== Task objective ==
Please give back, word for word, each line from the start of the entries through the one in which "Proof. by move=> Pl" is found.

*** Materials provided

(* Let S, T be subspaces with S <= T + U and T <= S + U, U finite dimensional.
   Lift a basis of T/(S cap T) to vectors s_j + u_j with s_j in S and u_j in U;
   together with a basis of S cap U, the u_j form a basis of U cap (S + T).
   Hence dim (U cap (S + T)) = dim (S cap U) + dim (T/(S cap T)), and by symmetry
   also = dim (T cap U) + dim (S/(S cap T)), so conditions (ii) and (ii') agree.
   For E-commensurability, phi = id with U = 0 gives reflexivity and phi^-1
   gives symmetry; for transitivity compose the bijections and take U1 + U2,
   moving (ii) to the larger space through (ii'), which does not involve U. *)

Section OrdinalConcat.
Variables (T : Type) (p q : nat).

Definition catf (x : 'I_p -> T) (y : 'I_q -> T) (i : 'I_(p + q)) : T :=
  match split i with inl a => x a | inr b => y b end.

Lemma catf_lshift x y a : catf x y (lshift q a) = x a.
Proof. by rewrite /catf (unsplitK (inl a : 'I_p + 'I_q)). Qed.

Lemma catf_rshift x y b : catf x y (rshift p b) = y b.
Proof. by rewrite /catf (unsplitK (inr b : 'I_p + 'I_q)). Qed.

Lemma split_ord_ind (P : 'I_(p + q) -> Prop) :
  (forall a, P (lshift q a)) -> (forall b, P (rshift p b)) -> forall i, P i.
Proof. by move=> Pl Pr i; rewrite -(splitK i); case: (split i). Qed.

End OrdinalConcat.
Arguments catf {T p q}.

Lemma pointwise_iff_unique {P Q : nat -> Prop} {p p'} : P p -> Q p' ->
  (forall n n', P n -> P n' -> n = n') -> (forall n n', Q n -> Q n' -> n = n') ->
  (forall n, P n <-> Q n) <-> p = p'.
Proof.
move=> Pp Qp' uniqP uniqQ; split => [PQ | pp' n]; first exact/(uniqQ _ _ _ Qp')/PQ.
by rewrite -pp' in Qp'; split => [/(uniqP _ _ Pp) <-|/(uniqQ _ _ Qp') <-].
Qed.

Local Notation spanf g := (Defs.span (range g)).

Section FiniteSpans.
Variables (k : fieldType) (V : lmodType k).
Implicit Types (A B S T U : set V).

Lemma sum_catf p q (c : 'I_(p + q) -> k) (x : 'I_p -> V) (y : 'I_q -> V) :
  \sum_i c i *: catf x y i =
  \sum_a c (lshift q a) *: x a + \sum_b c (rshift p b) *: y b.
Proof.
by rewrite big_split_ord; congr (_ + _); apply: eq_bigr => i _;
  rewrite ?catf_lshift ?catf_rshift.
Qed.

Lemma subspace0 {S} : subspace S -> S 0.
Proof. by case. Qed.

Lemma subspaceD {S x y} : subspace S -> S x -> S y -> S (x + y).
Proof. by move=> [_ HS] Sx Sy; have := HS 1 x y Sx Sy; rewrite scale1r. Qed.

Lemma subspaceZ {S} a {x} : subspace S -> S x -> S (a *: x).
Proof. by move=> [S0 HS] Sx; have := HS a x 0 Sx S0; rewrite addr0. Qed.

Lemma subspaceN {S x} : subspace S -> S x -> S (- x).
Proof. by move=> HS Sx; rewrite -scaleN1r; apply: subspaceZ. Qed.

Lemma subspaceB {S x y} : subspace S -> S x -> S y -> S (x - y).
Proof. by move=> HS Sx Sy; apply: subspaceD => //; apply: subspaceN. Qed.

Lemma subspace_sum {S n} (c : 'I_n -> k) (f : 'I_n -> V) :
  subspace S -> (forall i, S (f i)) -> S (\sum_i c i *: f i).
Proof.
move=> HS Sf; apply: (big_ind S) => [|x y|i _]; first exact: subspace0.
  exact: subspaceD.
exact: subspaceZ.
Qed.

Lemma subspace_set0 : subspace [set (0 : V)].
Proof. by split => // a x y -> ->; rewrite scaler0 addr0. Qed.

Lemma subspaceI {A B} : subspace A -> subspace B -> subspace (A `&` B).
Proof.
move=> [A0 HA] [B0 HB]; split => // a x y [Ax Bx] [Ay By].
by split; [apply: HA | apply: HB].
Qed.
(* Let $G$ be a $2$-connected cubic multigraph. For every tombolo-cut $(U,\bar U)$ of $G$, the two edges of its cut-set share no endpoint.
   Context: Multigraphs are finite and loopless, parallel edges allowed. A cut of $G$ is a bipartition $(U,\bar U)$ of $V(G)$ with $\bar U=V(G)\setminus U$; its cut-set is the set of edges with one endpoint in $U$ and the other in $\bar U$. A tombolo-cut is a cut whose cut-set has exactly $2$ edges. *)

From mathcomp Require Import all_boot.
Set Implicit Arguments. Unset Strict Implicit. Unset Printing Implicit Defensive.

(* A finite multigraph with vertex type V and edge type E: every edge e has
   two endpoints [src e] and [tgt e]; parallel edges are allowed (distinct
   edges may have the same endpoints). *)
Section Multigraph.
Variables (V E : finType) (src tgt : E -> V).

Definition loopless : Prop := forall e : E, src e != tgt e.

Definition incident (e : E) (v : V) : bool := (src e == v) || (tgt e == v).

Definition degree (v : V) : nat :=
  #|[set e | src e == v]| + #|[set e | tgt e == v]|.

Definition cubic : Prop := forall v : V, degree v = 3.

Definition adj_in (S : {set V}) : rel V :=
  fun x y => [&& x \in S, y \in S &
     [exists e : E, ((src e == x) && (tgt e == y)) || ((src e == y) && (tgt e == x))]].

Definition connected_on (S : {set V}) : Prop :=
  forall x y, x \in S -> y \in S -> connect (adj_in S) x y.

(* 2-connected (Diestel): more than 2 vertices, and G - X is connected for
   every vertex set X with |X| < 2 *)
Definition two_connected : Prop :=
  2 < #|V| /\ connected_on setT /\ forall v : V, connected_on [set~ v].

Definition cutset (U : {set V}) : {set E} :=
  [set e | (src e \in U) != (tgt e \in U)].

Definition tombolo_cut (U : {set V}) : Prop := #|cutset U| = 2.

End Multigraph.

From mathcomp Require Import all_boot.
Set Implicit Arguments. Unset Strict Implicit. Unset Printing Implicit Defensive.

(* If both cut edges met at v, the third edge f at v would not be a cut edge,
   so the far ends of f and of e1 lie on opposite sides of the cut.  Joining
   them in G - v, which is connected, forces a cut edge avoiding v. *)

Lemma path_crossing (T : eqType) (r : rel T) (P : pred T) x p :
  path r x p -> P x != P (last x p) -> exists a b, r a b /\ P a != P b.
Proof.
elim: p x => [|y p IH] x /=; first by rewrite eqxx.
case/andP=> rxy pp Pxp.
have [Pxy|] := eqVneq (P x) (P y); last by exists x, y.
by apply: (IH y pp); rewrite -Pxy.
Qed.

Lemma connect_crossing (T : finType) (r : rel T) (P : pred T) x y :
  connect r x y -> P x != P y -> exists a b, r a b /\ P a != P b.
Proof. by case/connectP=> p pp ->; apply: path_crossing pp. Qed.

Section Multigraph.
Variables (V E : finType) (src tgt : E -> V).

Definition opposite (e : E) (v : V) : V := if src e == v then tgt e else src e.

Lemma adj_in_crossing (S U : {set V}) a b :
  adj_in src tgt S a b -> (a \in U) != (b \in U) ->
  exists2 e, e \in cutset src tgt U & (src e \in S) && (tgt e \in S).
Proof.
case/and3P=> aS bS /existsP[e /orP[]/andP[/eqP srcE /eqP tgtE]] aUb;
  by exists e; rewrite ?inE srcE tgtE ?aS ?bS // eq_sym.
Qed.

Lemma connected_on_crossing (S U : {set V}) x y :
  connected_on src tgt S -> x \in S -> y \in S -> (x \in U) != (y \in U) ->
  exists2 e, e \in cutset src tgt U & (src e \in S) && (tgt e \in S).
Proof.
move=> connS xS yS xUy.
have [a [b [ab aUb]]] := connect_crossing (connS x y xS yS) xUy.
exact: adj_in_crossing ab aUb.
Qed.

Lemma tombolo_cutsetE U e1 e2 :
  tombolo_cut src tgt U -> e1 \in cutset src tgt U -> e2 \in cutset src tgt U ->
  e1 != e2 -> cutset src tgt U = [set e1; e2].
Proof.
move=> cardU e1U e2U e12; apply/esym/eqP.
rewrite eqEcard cardU cards2 e12 andbT.
by apply/subsetP=> e; rewrite in_set2 => /orP[]/eqP->.
Qed.

Lemma opposite_in_cutset (U : {set V}) e v : incident src tgt e v ->
  (opposite e v \in U) = (v \in U) (+) (e \in cutset src tgt U).
Proof.
rewrite /opposite /incident inE.
by case: eqP => [<- _|_ /eqP <-]; case: (_ \in U); case: (_ \in U).
Qed.

Hypothesis no_loop : loopless src tgt.

Lemma opposite_neq e v : incident src tgt e v -> opposite e v != v.
Proof.
rewrite /opposite /incident.
by case: eqP => [<- _|_ /eqP <-]; rewrite // eq_sym no_loop.
Qed.

Lemma card_incident v : #|[set e | incident src tgt e v]| = degree src tgt v.
Proof.
have -> : [set e | incident src tgt e v] =
          [set e | src e == v] :|: [set e | tgt e == v].
  by apply/setP=> e; rewrite !inE.
rewrite cardsU.
have -> : [set e | src e == v] :&: [set e | tgt e == v] = set0.
  apply/setP=> e; rewrite !inE; apply/negP=> /andP[/eqP srcE /eqP tgtE].
  by move: (no_loop e); rewrite srcE tgtE eqxx.
by rewrite cards0 subn0.
Qed.

Lemma cubic_incident_notin_pair v e1 e2 : cubic src tgt ->
  exists2 f, incident src tgt f v & f \notin [set e1; e2].
Proof.
move=> cub.
have : ~~ ([set e | incident src tgt e v] \subset [set e1; e2]).
  apply/negP=> /subset_leq_card; rewrite card_incident cub.
  by rewrite cards2 ltnS ltnNge leq_b1.
by case/subsetPn=> f; rewrite inE; exists f.
Qed.

End Multigraph.

Theorem proposition10 (V E : finType) (src tgt : E -> V) :
  loopless src tgt ->
  cubic src tgt ->
  two_connected src tgt ->
  forall U : {set V}, tombolo_cut src tgt U ->
  forall e1 e2 : E, e1 \in cutset src tgt U -> e2 \in cutset src tgt U ->
  e1 != e2 ->
  forall v : V, ~~ (incident src tgt e1 v && incident src tgt e2 v).
Proof.
move=> no_loop cub [_ [_ conn_minus]] U tomb e1 e2 e1U e2U e12 v.
apply/negP=> /andP[e1v e2v].
have cutE := tombolo_cutsetE tomb e1U e2U e12.
have [f fv f_out] := cubic_incident_notin_pair no_loop v e1 e2 cub.
have sides : (opposite src tgt f v \in U) != (opposite src tgt e1 v \in U).
  rewrite !opposite_in_cutset // e1U cutE (negbTE f_out) addbT addbF.
  by case: (v \in U).
have fS : opposite src tgt f v \in [set~ v] by rewrite in_setC1 opposite_neq.
have e1S : opposite src tgt e1 v \in [set~ v] by rewrite in_setC1 opposite_neq.
have [e eU /andP[srcS tgtS]] := connected_on_crossing (conn_minus v) fS e1S sides.
have ev : incident src tgt e v by move: eU; rewrite cutE in_set2 => /orP[]/eqP->.
by move: ev srcS tgtS; rewrite /incident !in_setC1 => /orP[]/eqP->; rewrite eqxx.
Qed.
Lemma VdeltaE n (A B : finType) (V : mor C ('I_n * A)%type B) p q :
  Vdelta V p q = (p.1 == q.1)%:R * V p.2 q.
Proof.
have copy_q r : comp (@assoc C 'I_n 'I_n A) (tens (@delta C n) (@idm C A)) r q
    = (r == (q.1, q))%:R.
  rewrite /comp; transitivity (\sum_(s : 'I_n * 'I_n * A)
      @assoc C 'I_n 'I_n A r s * (s == (q.1, q.1, q.2))%:R).
    apply: eq_bigr => -[[s1 s2] s3] _; congr (_ * _).
    by rewrite /tens /idm delta_pairE /= -natrM mulnb [in RHS]xpair_eqE.
  by rewrite sum_delta_r /assoc; case: q.
by rewrite /Vdelta {1}/comp; under eq_bigr do rewrite copy_q; rewrite sum_delta_r.
Qed.

(* [eps (x) 1_A]; by the counit law its [Vdelta] is the identity. *)
Definition discard (n : nat) (A : finType) : mor C ('I_n * A)%type A :=
  fun a p => (a == p.2)%:R.

Lemma Vdelta_discard (n : nat) (A : finType) :
  Vdelta (@discard n A) = @idm C ('I_n * A)%type.
Proof.
apply: mor_ext => -[i a] [j b]; rewrite VdeltaE /discard /idm /=.
by rewrite -natrM mulnb xpair_eqE.
Qed.

Lemma X_polar_decomposable_stack_gram n (A : finType) (k : 'I_n -> mor C A A) :
  X_polar_decomposable (stack (fun i => comp (k i) (dag (k i)))).
Proof.
exists (stack (fun i => comp (k i) (dag (k i)))), (@discard n A); split; last split.
- exact: X_positive_stack_gram.
- by rewrite /X_isometry Vdelta_discard dag_idm comp_idm_l.
- by rewrite Vdelta_discard comp_idm_l.
Qed.
Lemma G_cosets (g : 'M[F]_2 -> 'M[F]_2) : inG g ->
  exists (i : 'I_6) w, inWp w /\ eqsl g (coset_rep i \o w).
Proof.
move=> /inG_coset [i [A [g_A [w [even_w A_w]]]]].
exists i, (wword w); split; first exact: wword_inWp.
by apply: rep_eq g_A _; rewrite A_w; apply: rep_comp (coset_rep_rep i) (wword_rep w).
Qed.

Lemma cosets_distinct (i j : 'I_6) : i != j ->
  ~ exists w, inWp w /\ eqsl (coset_rep j) (@coset_rep F i \o w).
Proof.
move=> /eqP ij [w [/inWp_rep [ww even_ww w_ww] ji]]; apply: ij.
have ji_mx := rep_inj (coset_rep_rep j) (rep_eqsl ji (rep_comp (coset_rep_rep i) w_ww)).
by apply: in_coset_uniq (coset_word_in_coset j); exists ww.
Qed.

(* The coset of a map (meaningful for the elements of G), and the
   permutation of S_3 attached to it. *)
Definition coset_of (g : 'M[F]_2 -> 'M[F]_2) : 'I_6 :=
  epsilon (inhabits ord0) (fun i => exists A, rep g A /\ in_coset A i).

Definition G_perm (g : 'M[F]_2 -> 'M[F]_2) : 'S_3 := coset_perm (coset_of g).

Lemma coset_ofE g A i : rep g A -> in_coset A i -> coset_of g = i.
Proof.
move=> g_A A_i.
have [B [g_B B_g]] : exists B, rep g B /\ in_coset B (coset_of g).
  apply: (epsilon_spec (inhabits ord0) (fun i => exists A, rep g A /\ in_coset A i)).
  by exists i, A.
by apply: in_coset_uniq B_g _; rewrite (rep_inj g_B g_A).
Qed.

Lemma G_perm_eqsl (g h : 'M[F]_2 -> 'M[F]_2) : inG g -> eqsl g h -> G_perm g = G_perm h.
Proof.
move=> /inG_coset [i [A [g_A A_i]]] gh.
have h_A : rep h A by apply: rep_eqsl g_A => v sl2v; rewrite gh.
by rewrite /G_perm (coset_ofE g_A A_i) (coset_ofE h_A A_i).
Qed.

(* Reduction mod 2 turns G_perm into a homomorphism. *)
Lemma G_permM (g h : 'M[F]_2 -> 'M[F]_2) :
  inG g -> inG h -> G_perm (g \o h) = (G_perm g * G_perm h)%g.
Proof.
move=> /inG_rep [gw g_gw] /inG_rep [hw h_hw].
have gh_ghw := rep_comp g_gw h_hw; rewrite -gword_mx_cat in gh_ghw.
have [i g_i] := gword_in_coset gw; have [j h_j] := gword_in_coset hw.
have [k gh_k] := gword_in_coset (gw ++ hw).
rewrite /G_perm (coset_ofE g_gw g_i) (coset_ofE h_hw h_j) (coset_ofE gh_ghw gh_k).
apply: coset_perm_mul.
by rewrite -(in_coset_mod2 gh_k) -(in_coset_mod2 g_i) -(in_coset_mod2 h_j) gword_mx_cat mod2_mul.
Qed.

Lemma G_perm_onto (s : 'S_3) : exists g : 'M[F]_2 -> 'M[F]_2, inG g /\ G_perm g = s.
Proof.
have [i <-] := coset_perm_onto s.
exists (coset_rep i); split.
  by exists (coset_word i); apply: rep_eq (coset_rep_rep i) (gword_rep _).
by rewrite /G_perm (coset_ofE (coset_rep_rep i) (coset_word_in_coset i)).
Qed.

Lemma G_perm_ker (g : 'M[F]_2 -> 'M[F]_2) : inG g -> (G_perm g = 1%g <-> inWp g).
Proof.
move=> /inG_coset [i [A [g_A A_i]]]; rewrite /G_perm (coset_ofE g_A A_i) -coset_perm0.
split=> [/coset_perm_inj i0 | /inWp_rep [w even_w g_w]].
  move: A_i g_A; rewrite i0 => -[w [even_w ->]]; rewrite mul1_3 => g_w.
  by exists w; split=> //; apply: rep_eq g_w (wword_rep w).
have A_w := rep_inj g_A g_w; congr coset_perm.
by apply: in_coset_uniq A_i _; exists w; rewrite A_w mul1_3.
Qed.
End Sl2.

Unset Implicit Arguments.
Theorem proposition7p6 (F : fieldType) (charF0 : [pchar F] =i pred0) :
  (* W^+ is contained in G *)
  (forall f, inWp f -> @inG F f) /\
  (* W^+ is normal in G : g W^+ g^{-1} \subset W^+ *)
  (forall g w, inG g -> inWp w ->
     exists w', @inWp F w' /\ eqsl (g \o w) (w' \o g)) /\
  (* every element of G lies in one of the six cosets *)
  (forall g, inG g -> exists (i : 'I_6) w, @inWp F w /\ eqsl g (coset_rep i \o w)) /\
  (* the six cosets are pairwise distinct *)
  (forall i j : 'I_6, i != j ->
     ~ exists w, @inWp F w /\ eqsl (coset_rep j) (coset_rep i \o w)) /\
  (* G / W^+ is isomorphic to S_3 : a surjective homomorphism G -> S_3
     with kernel W^+ *)
  (exists phi : ('M[F]_2 -> 'M[F]_2) -> 'S_3,
     (forall g h, inG g -> inG h -> eqsl g h -> phi g = phi h) /\
     (forall g h, inG g -> inG h -> phi (g \o h) = (phi g * phi h)%g) /\
     (forall s : 'S_3, exists g, inG g /\ phi g = s) /\
     (forall g, inG g -> (phi g = 1%g <-> inWp g))).
Proof.
split; first exact: (Wplus_sub_G charF0).
split; first exact: (Wplus_normal charF0).
split; first exact: (G_cosets charF0).
split; first exact: (cosets_distinct charF0).
exists (@G_perm F); split; first by move=> g h g_G _; apply: G_perm_eqsl.
split; first exact: (G_permM charF0).
by split; [exact: (G_perm_onto charF0) | exact: (G_perm_ker charF0)].
Qed.
Fixpoint Cn_LS (S : Sfam) (E F : tvsType K) (n : nat) :
    forall X : tvsType K, set X -> (X -> E -> F) -> Prop :=
  fun X U f =>
    C0_LS S U f /\
    match n with
    | 0 => True
    | m.+1 => exists df : (X * X)%type -> E -> F,
        (forall x y, U x ->
           S_lim S (dnbhs (0 : K))
             (fun t : K => fun e => t^-1 *: (f (x + t *: y) e - f x e))
             (df (x, y))) /\
        @Cn_LS S E F m (X * X)%type (U `*` setT) df
    end.

Inductive natinf := Fin of nat | Inf.

Definition Ck_LS (S : Sfam) (E F : tvsType K) (n : natinf) (X : tvsType K)
    (U : set X) (f : X -> E -> F) : Prop :=
  match n with
  | Fin k => @Cn_LS S E F k X U f
  | Inf => forall k, @Cn_LS S E F k X U f
  end.

End Defs.

From HB Require Import structures.
From mathcomp Require Import all_boot all_order all_algebra.
From mathcomp Require Import all_classical all_reals all_analysis.
From mathcomp Require Import complex.
From mathcomp Require Import lra.
Import Order.TTheory GRing.Theory Num.Theory.
Import numFieldTopology.Exports numFieldNormedType.Exports.
Local Open Scope classical_set_scope.
Local Open Scope ring_scope.
Set Implicit Arguments.
Unset Strict Implicit.
Unset Printing Implicit Defensive.

(* Composition L(F,G)_S x L(E,F)_S -> L(E,G)_S is not jointly continuous, but
   it is continuous at (A, B) along pairs (a, b) such that every b maps a given
   set of S into one common set of S.  If f is C^0 and C is a compact subset of
   U, then f(C)(B) = {f(z)(e) | z in C, e in B} is again in S for B in S, so
   z |-> g(z) o f(z) is continuous on every compact subset of U, hence
   continuous since X is a k-space.  The same bound along the compact segment
   {x + t y | t in D}, D a compact neighbourhood of 0 in K, gives the product
   rule d(g o f)(x, y) = dg(x, y) o f(x) + g(x) o df(x, y); both summands are
   compositions of C^(n-1) maps on U x X, and X x X is homeomorphic to a power
   of X, hence a k-space, so induction on n applies. *)

Section ContLin.
Variables (K : numFieldType) (E F : tvsType K) (T : E -> F).
Hypothesis hT : cont_lin T.

Lemma cont_linD u v : T (u + v) = T u + T v.
Proof. by have := hT.1 1 u v; rewrite !scale1r. Qed.

Lemma cont_lin0 : T 0 = 0.
Proof. by apply: (@addrI _ (T 0)); rewrite -cont_linD !addr0. Qed.

Lemma cont_linZ a u : T (a *: u) = a *: T u.
Proof. by have := hT.1 a u 0; rewrite addr0 cont_lin0 addr0. Qed.

Lemma cont_linB u v : T (u - v) = T u - T v.
Proof. by rewrite cont_linD -scaleN1r cont_linZ scaleN1r. Qed.

Lemma cont_lin_nbhs0 (W : set F) : nbhs 0 W -> nbhs 0 (T @^-1` W).
Proof. by move=> W0; have := hT.2 0 W; rewrite /= cont_lin0; exact. Qed.

End ContLin.

Lemma cont_lin_fst (K : numFieldType) (V W : tvsType K) : cont_lin (@fst V W).
Proof. by split => // p; exact: cvg_fst. Qed.

Lemma continuous_map_pair (T1 T2 : topologicalType) (p : T1 -> T2) :
  continuous p -> continuous (fun v : T1 * T1 => (p v.1, p v.2)).
Proof.
move=> cp v; apply: cvg_pair.
  by apply: (@continuous_comp _ _ _ fst p); [exact: cvg_fst | exact: cp].
by apply: (@continuous_comp _ _ _ snd p); [exact: cvg_snd | exact: cp].
Qed.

******

== Task output ==
(* Let S, T be subspaces with S <= T + U and T <= S + U, U finite dimensional.
   Lift a basis of T/(S cap T) to vectors s_j + u_j with s_j in S and u_j in U;
   together with a basis of S cap U, the u_j form a basis of U cap (S + T).
   Hence dim (U cap (S + T)) = dim (S cap U) + dim (T/(S cap T)), and by symmetry
   also = dim (T cap U) + dim (S/(S cap T)), so conditions (ii) and (ii') agree.
   For E-commensurability, phi = id with U = 0 gives reflexivity and phi^-1
   gives symmetry; for transitivity compose the bijections and take U1 + U2,
   moving (ii) to the larger space through (ii'), which does not involve U. *)

Section OrdinalConcat.
Variables (T : Type) (p q : nat).

Definition catf (x : 'I_p -> T) (y : 'I_q -> T) (i : 'I_(p + q)) : T :=
  match split i with inl a => x a | inr b => y b end.

Lemma catf_lshift x y a : catf x y (lshift q a) = x a.
Proof. by rewrite /catf (unsplitK (inl a : 'I_p + 'I_q)). Qed.

Lemma catf_rshift x y b : catf x y (rshift p b) = y b.
Proof. by rewrite /catf (unsplitK (inr b : 'I_p + 'I_q)). Qed.

Lemma split_ord_ind (P : 'I_(p + q) -> Prop) :
  (forall a, P (lshift q a)) -> (forall b, P (rshift p b)) -> forall i, P i.
Proof. by move=> Pl Pr i; rewrite -(splitK i); case: (split i). Qed.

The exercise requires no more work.